Hi,
I'm trying to set up Condor as an alternative interface
to our PBS cluster.
This is my setup so far:
- I've installed Condor (BoSCO) on our PBS
login/submit node.
- I've enabled MASTER, COLLECTOR, NEGOTIATOR, and
SCHEDD.
- I've set GLITE_LOCATION and PBS_GAHP in
condor_config.
- I've set pbs_binpath and pbs_spoolpath in
GLITE_LOCATION/etc/batch_gahp.config.
With this setup, I can submit jobs to our PBS cluster
using `condor_submit`. But for some reason, Condor won't
be able to find/track the submitted jobs.
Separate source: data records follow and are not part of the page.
Lemma success_boundS t :
  (0 < t)%N -> (t < k)%N -> success_bound t -> success_bound t.+1.
Proof.
move=> t0 tk IHt S r Copt S0 rt cl; case/andP: eps01 => eps0 eps1.
have pow_le1 : eps ^+ (r - 1) <= 1 by rewrite exprn_ile1 // ltW.
have [S1|S1] := leqP #|S| 1.
  by rewrite recMSD_prob_trivial ?S1 ?orbT // success_init ?S1 ?orbT.
have [small|large] := leP (diam d S) (cost d Copt / (1 - eps)).
  rewrite recMSD_prob_step1 // => U.
  rewrite split_prob_certain ?recMSD_prob_predT ?mulr1 //.
  by move=> a b; exact: le_trans (combine_le_diam _ _ _ _ _ _) small.
have r2 : (2 <= r <= t.+1)%N.
  case: (ltnP 1 r) => r1; first by lia.
  have : success r (cost d Copt) (init_out k S).
    by apply: success_init => //; apply/orP; left; apply/eqP; lia.
  by rewrite /success ffunE cost_set1 leNgt large.
have D0 := diam_gt0 metric_d S1.
rewrite recMSD_prob_step //.
have weight_le := Rintegral_split_prob_ge tk IHt r2 S1 cl.
have invD0 : 0 <= (diam d S)^-1 by rewrite invr_ge0 ltW.
apply: le_trans (ler_wpM2l invD0 weight_le).
rewrite (_ : (r - 1 = (r - 2).+1)%N); last by lia.
rewrite exprSr mulrCA ler_wpM2l ?exprn_ge0 // mulrC ler_pdivlMr //.
have : cost d Copt < diam d S * (1 - eps) by rewrite -ltr_pdivrMr // subr_gt0.
by move: (cost d Copt) (diam d S) => c D; nra.
Qed.

End Success.

Unset Implicit Arguments.

Theorem lemma2 (R : realType) (T : finType) (d : T -> T -> R)
  (k : nat) (pick : {set T} -> T) (S : {set T}) (t r : nat)
  (Copt : {set {set T}}) (eps : R) :
  is_metric d ->
  diam_selector d pick ->
  (0 < k)%N ->
  (0 < #|S|)%N ->
  (1 <= t <= k)%N ->
  (1 <= r <= t)%N ->
  is_clustering r S Copt ->
  (forall C, is_clustering r S C -> cost d Copt <= cost d C) ->
  0 <= eps < 1 ->
  recMSD_prob d pick t S
    (fun o : out T k => cost d (o (inord r)) <= cost d Copt / (1 - eps))
  >= eps ^+ (r - 1).
Proof.
move=> metric_d pick_diam _ S0 tk rt cl _ eps01.
have bound u : (1 <= u <= k)%N -> success_bound d k pick eps u.
  elim: u => [//|[|u] IHu] uk; first exact: success_bound1.
  by apply: success_boundS => //; apply: IHu; lia.
exact: bound.
Qed.
(* Let $q=p^h$ with $p$ an odd prime. In ${\rm PG}(4,q)$ with homogeneous coordinates $(X_1,\dots,X_5)$, let $\pi$ be the plane $X_4=X_5=0$, let $\ell$ be the line $X_3=X_4=X_5=0$, let $\omega$ be a primitive element of ${\rm GF}(q)$, and for $1\le i\le q+1$ let $\Pi_i$ be the solid with equation $X_4=\omega^{i-1}X_5$ if $1\le i\le q-1$, $X_4=0$ if $i=q$, and $X_5=0$ if $i=q+1$. Let $a,b,c\in{\rm GF}(q)$ be such that $X^3+aX^2+bX+c$ is irreducible over ${\rm GF}(q)$, and let $G=\{M_{r,s,t}: r,s,t\in{\rm GF}(q)\}$ where $$M_{r,s,t}=\begin{pmatrix}1&0&r&r^2-ar+s&t\\0&1&s&2rs-t&s^2+bs-cr\\0&0&1&2r&2s\\0&0&0&1&0\\0&0&0&0&1\end{pmatrix},$$ acting on the points of ${\rm PG}(4,q)$ (written as column vectors) by left multiplication. Then $G$ has exactly $2q+3$ orbits on the points of ${\rm PG}(4,q)$, namely: (a) $q+1$ orbits of size one, each consisting of a single point of $\ell$; (b) one orbit of size $q^2$, consisting of the points of $\pi\setminus\ell$; (c) $q+1$ orbits of size $q^3$, namely the sets $\Pi_i\setminus\pi$, $1\le i\le q+1$. *)

From HB Require Import structures.
From mathcomp Require Import all_boot all_algebra all_field.
Set Implicit Arguments. Unset Strict Implicit. Unset Printing Implicit Defensive.
Import GRing.Theory.
Local Open Scope ring_scope.

(* PG(4,q) over a finite field F: vectors are column vectors 'cV[F]_5,
   coordinates X_1..X_5 are the rows 0..4.  A projective point is
   represented as the set of all nonzero scalar multiples of a nonzero vector. *)
Section PG4.
Variable F : finFieldType.
Lemma real_splitting_noncomm (R : realType) (a b : 'M[int]_4) (psi : 'M[R]_2 -> 'M[R]_4)
    (ya yb : 'M[R]_2) :
  real_splitting a b psi -> psi ya = intmx R a -> psi yb = intmx R b ->
  intmx R a *m intmx R b != intmx R b *m intmx R a.
Proof.
move=> [[psi_lin psiM psi1 psi_inj] [psi_in _]] hya hyb; apply/eqP => ab_comm.
have yab_comm : GRing.comm ya yb by apply: psi_inj; rewrite -!mulmxE !psiM hya hyb.
have span x : exists r0 r1 r2 r3, x = r0%:M + r1 *: ya + r2 *: yb + r3 *: (ya * yb).
  have [r0 [r1 [r2 [r3 psix]]]] := psi_in x; exists r0, r1, r2, r3; apply: psi_inj.
  rewrite psix !(psiD psi_lin) !(psiZ psi_lin) -mulmxE psiM hya hyb intmxM.
  by rewrite -scalemx1 (psiZ psi_lin) psi1 scalemx1.
(* the span of [1, ya, yb, ya yb] is all of [M_2(R)], which is not commutative *)
have [r0 [r1 [r2 [r3 e01]]]] := span (delta_mx ord0 ord_max).
have [s0 [s1 [s2 [s3 e10]]]] := span (delta_mx ord_max ord0).
have := comm_span2 yab_comm r0 r1 r2 r3 s0 s1 s2 s3.
rewrite /= -e01 -e10 /GRing.comm -!mulmxE !mul_delta_mx.
by move/matrixP/(_ ord0 ord0); rewrite !mxE /= => /eqP; rewrite oner_eq0.
Qed.
Definition enumerates (E : graph) (v : vertex E) (l : seq (edge E)) : Prop :=
  List.NoDup l /\ (forall e, List.In e l <-> src e = v).

Definition regular (E : graph) (v : vertex E) : Prop :=
  exists l : seq (edge E), l <> [::] /\ enumerates v l.

Record nualg (K : fieldType) := NuAlg {
  nu_car :> lmodType K;
  nu_mul : nu_car -> nu_car -> nu_car;
  nu_mulA : forall x y z, nu_mul x (nu_mul y z) = nu_mul (nu_mul x y) z;
  nu_mulDl : forall x y z, nu_mul (x + y) z = nu_mul x z + nu_mul y z;
  nu_mulDr : forall x y z, nu_mul x (y + z) = nu_mul x y + nu_mul x z;
  nu_mulZl : forall (a : K) x y, nu_mul (a *: x) y = a *: nu_mul x y;
  nu_mulZr : forall (a : K) x y, nu_mul x (a *: y) = a *: nu_mul x y }.

Definition is_alg_hom (K : fieldType) (A B : nualg K) (f : A -> B) : Prop :=
  [/\ forall x y, f (x + y) = f x + f y,
      forall (a : K) x, f (a *: x) = a *: f x &
      forall x y, f (nu_mul x y) = nu_mul (f x) (f y)].

Definition is_algebra_involution (K : fieldType) (inv : K -> K) (A : nualg K)
    (star : A -> A) : Prop :=
  [/\ forall x y, star (x + y) = star x + star y,
      forall (a : K) x, star (a *: x) = inv a *: star x,
      forall x y, star (nu_mul x y) = nu_mul (star y) (star x) &
      forall x, star (star x) = x].

(* Cohn-Leavitt families: images p v, s e, g e (= e^* ) of the         *)
(* generators satisfying (V),(E1),(E2),(CK1),(SCK2) for S.             *)
Definition CL_family (K : fieldType) (E : graph) (S : vertex E -> Prop)
    (A : nualg K) (p : vertex E -> A) (s g : edge E -> A) : Prop :=
  ((forall v, nu_mul (p v) (p v) = p v) /\
   (forall v w, v <> w -> nu_mul (p v) (p w) = 0)) /\
  (forall e, nu_mul (p (src e)) (s e) = s e /\ nu_mul (s e) (p (rng e)) = s e) /\
  (forall e, nu_mul (p (rng e)) (g e) = g e /\ nu_mul (g e) (p (src e)) = g e) /\
  ((forall e, nu_mul (g e) (s e) = p (rng e)) /\
   (forall e f, e <> f -> nu_mul (g e) (s f) = 0)) /\
  (forall v, S v -> forall l, enumerates v l ->
     p v = \sum_(e <- l) nu_mul (s e) (g e)).
(* Let $f$ be a biderivation of $\mathcal{SV}(0)$, and let $\phi,\psi:\mathcal{SV}(0)\to\mathcal{SV}(0)$ be linear maps and $\rho_1,\rho_2,\rho_3,\theta_1,\theta_2,\theta_3$ linear complex-valued functions on $\mathcal{SV}(0)$ such that for all $x,y$, $$f(x,y)=\sum_{i=1}^3\rho_i(x)D_i(y)+[\phi(x),y]=\sum_{i=1}^3\theta_i(y)D_i(x)+[x,\psi(y)].$$ Let $\lambda\in\mathbb{C}$ be such that $\phi(L_m)-\lambda L_m\in\mathfrak{M}$ and $\psi(L_m)-\lambda L_m\in\mathfrak{M}$ for all $m\in\mathbb{Z}$ (such $\lambda$ exists). Then for every $n\in\mathbb{Z}$ there are $c_0^{(n)},r_0^{(n)}\in\mathbb{C}$ with $$\phi(Y_n)=\lambda Y_n+c_0^{(n)}M_0,\qquad \psi(Y_n)=\lambda Y_n+r_0^{(n)}M_0,$$ and moreover $\rho_i(Y_n)=\theta_i(Y_n)=0$ for $i=1,2,3$ and $\rho_3(L_n)=\theta_3(L_n)=0$, for all $n\in\mathbb{Z}$.
   Context: $\mathcal{SV}(0)$ is the complex Lie algebra with basis $\{L_i,Y_i,M_i\mid i\in\mathbb{Z}\}$ and brackets $[L_m,L_n]=(m-n)L_{m+n}$, $[L_m,Y_n]=(\frac12 m-n)Y_{m+n}$, $[L_m,M_n]=-nM_{m+n}$, $[Y_m,Y_n]=(m-n)M_{m+n}$, $[Y_m,M_n]=[M_m,M_n]=0$; $\mathfrak{M}=\bigoplus_{i\in\mathbb{Z}}\mathbb{C}M_i$. A biderivation of a Lie algebra $L$ is a bilinear map $f:L\times L\to L$ with $f([x,y],z)=[x,f(y,z)]+[f(x,z),y]$ and $f(x,[y,z])=[f(x,y),z]+[y,f(x,z)]$ for all $x,y,z\in L$. The linear maps $D_1,D_2,D_3$ are defined by $D_1(L_m)=M_m$, $D_1(Y_m)=D_1(M_m)=0$; $D_2(L_m)=mM_m$, $D_2(Y_m)=D_2(M_m)=0$; $D_3(L_m)=0$, $D_3(Y_m)=Y_m$, $D_3(M_m)=2M_m$. *)

(* SV(0) is modelled as the free C-vector space on the
   basis {L_i, Y_i, M_i | i in Z}, i.e. finitely supported functions
   (gen * int) -> C, using multinomials' monalg {malg C[K]}.
   C = complex R (= R[i]) for an arbitrary real closed field R
   (the genuine complex numbers are the instance R = reals). *)
From HB Require Import structures.
From mathcomp Require Import all_boot all_order all_algebra.
From mathcomp Require Import complex.
From mathcomp Require Import finmap.
From mathcomp.multinomials Require Import monalg.
Set Implicit Arguments. Unset Strict Implicit. Unset Printing Implicit Defensive.
Import Order.TTheory GRing.Theory Num.Theory.
Local Open Scope ring_scope.

Inductive gen := GL | GY | GM.
Definition gen_code (g : gen) : nat := match g with GL => 0 | GY => 1 | GM => 2 end.
Definition gen_decode (n : nat) : option gen :=
  match n with 0 => Some GL | 1 => Some GY | 2 => Some GM | _ => None end%N.
Lemma gen_codeK : pcancel gen_code gen_decode. Proof. by case. Qed.
HB.instance Definition _ := Countable.copy gen (pcan_type gen_codeK).

Section SV0.
Variable R : rcfType.
Local Notation C := (complex R).

Definition SVidx := (gen * int)%type.
Definition SV0 := {malg C[SVidx]}.

Definition bvec (g : gen) (i : int) : SV0 := << (g, i) >>.
Definition L (i : int) : SV0 := bvec GL i.
Definition Y (i : int) : SV0 := bvec GY i.
Definition M (i : int) : SV0 := bvec GM i.

Definition lin_ext (h : SVidx -> SV0) (x : SV0) : SV0 :=
  \sum_(k <- msupp x) x@_k *: h k.

Definition br_basis (a b : SVidx) : SV0 :=
  let m := a.2 in let n := b.2 in
  match a.1, b.1 with
  | GL, GL => (m - n)%:~R *: L (m + n)
  | GL, GY => ((m%:~R / 2%:R) - n%:~R) *: Y (m + n)
  | GY, GL => - (((n%:~R / 2%:R) - m%:~R) *: Y (m + n))
  | GL, GM => (- n)%:~R *: M (m + n)
  | GM, GL => - ((- m)%:~R *: M (m + n))
  | GY, GY => (m - n)%:~R *: M (m + n)
  | _, _ => 0
  end.

Definition lie (x y : SV0) : SV0 :=
  \sum_(a <- msupp x) \sum_(b <- msupp y) (x@_a * y@_b) *: br_basis a b.

Definition inMM (v : SV0) : Prop := forall k, k \in msupp v -> k.1 = GM.

Definition D1 : SV0 -> SV0 :=
  lin_ext (fun k => if k.1 is GL then M k.2 else 0).
Definition D2 : SV0 -> SV0 :=
  lin_ext (fun k => if k.1 is GL then k.2%:~R *: M k.2 else 0).
Definition D3 : SV0 -> SV0 :=
  lin_ext (fun k => match k.1 with GL => 0 | GY => Y k.2 | GM => 2%:R *: M k.2 end).

Definition is_linmap (h : SV0 -> SV0) : Prop :=
  forall (a : C) (x y : SV0), h (a *: x + y) = a *: h x + h y.
Definition is_linfun (h : SV0 -> C) : Prop :=
  forall (a : C) (x y : SV0), h (a *: x + y) = a * h x + h y.

Definition is_bilinear (f : SV0 -> SV0 -> SV0) : Prop :=
  (forall z, is_linmap (fun x => f x z)) /\ (forall x, is_linmap (f x)).
Definition is_biderivation (f : SV0 -> SV0 -> SV0) : Prop :=
  [/\ is_bilinear f,
      (forall x y z, f (lie x y) z = lie x (f y z) + lie (f x z) y) &
      (forall x y z, f x (lie y z) = lie (f x y) z + lie y (f x z))].
End SV0.

From HB Require Import structures.
From mathcomp Require Import all_boot all_order all_algebra zify.
From mathcomp Require Import complex finmap.
From mathcomp.multinomials Require Import monalg.
Set Implicit Arguments. Unset Strict Implicit. Unset Printing Implicit Defensive.
Import Order.TTheory GRing.Theory Num.Theory.
Local Open Scope ring_scope.

(* For x = L_m, y = Y_k we have [phi L_m, Y_k] = lam (m/2 - k) Y_(m+k), as phi L_m
   lies in lam L_m + span{M_i}; comparing the coefficients of L_(m+j), M_(m+j)
   and Y_(m+j) for suitable m yields psi(Y_k) = lam Y_k + r M_0,
   theta_1(Y_k) = theta_2(Y_k) = 0 and rho_3(L_m) = 0. Exchanging x and y while
   negating phi, psi and lam gives the same identity with (rho, phi) and
   (theta, psi) interchanged, whence the symmetric statements. Finally, for
   x = Y_n, y = Y_k the coefficient of Y_p reads
   rho_3(Y_n) [k = p] = theta_3(Y_k) [n = p], because phi(Y_n) and psi(Y_k)
   have no L-components. *)

Lemma half_subr_neq0 (F : numFieldType) (m j : int) :
  m != 2 * j -> (m%:~R / 2 - j%:~R : F) != 0.
Proof.
move=> mj; have two0 : (2 : F) != 0 by rewrite pnatr_eq0.
rewrite -[j%:~R](mulfK two0) -mulrBl mulf_eq0 invr_eq0 negb_or two0 andbT.
by rewrite -[2 : F]/(2%:~R) -intrM -intrB intr_eq0 subr_eq0 mulrC.
Qed.

Lemma exists_int_avoid2 (a b : int) : exists m : int, (m != a) && (m != b).
Proof. by case: (eqVneq a (b + 1)) => [->|ab]; [exists (b + 2) | exists (b + 1)]; lia. Qed.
While the actual
PBS jobs will keep running (and eventually terminate), the
corresponding Condor "meta jobs" will remain IDLE for a
few minutes and finally change their status to HELD.
Do you have an idea what might cause this behavior or
how to debug it?
Cheers,
Lukas
User LOG:
027 (001.000.000) 03/02 18:47:52 Job submitted to grid
resource
GridResource: batch pbs
GridJobId: batch pbs
acsrvcl02.gi.rwth-aachen.de_9618_acsrvcl02.gi.rwth-aachen.de#1.0#1583171263
pbs/20200302/10044
...
012 (001.000.000) 03/02 18:53:01 Job was held.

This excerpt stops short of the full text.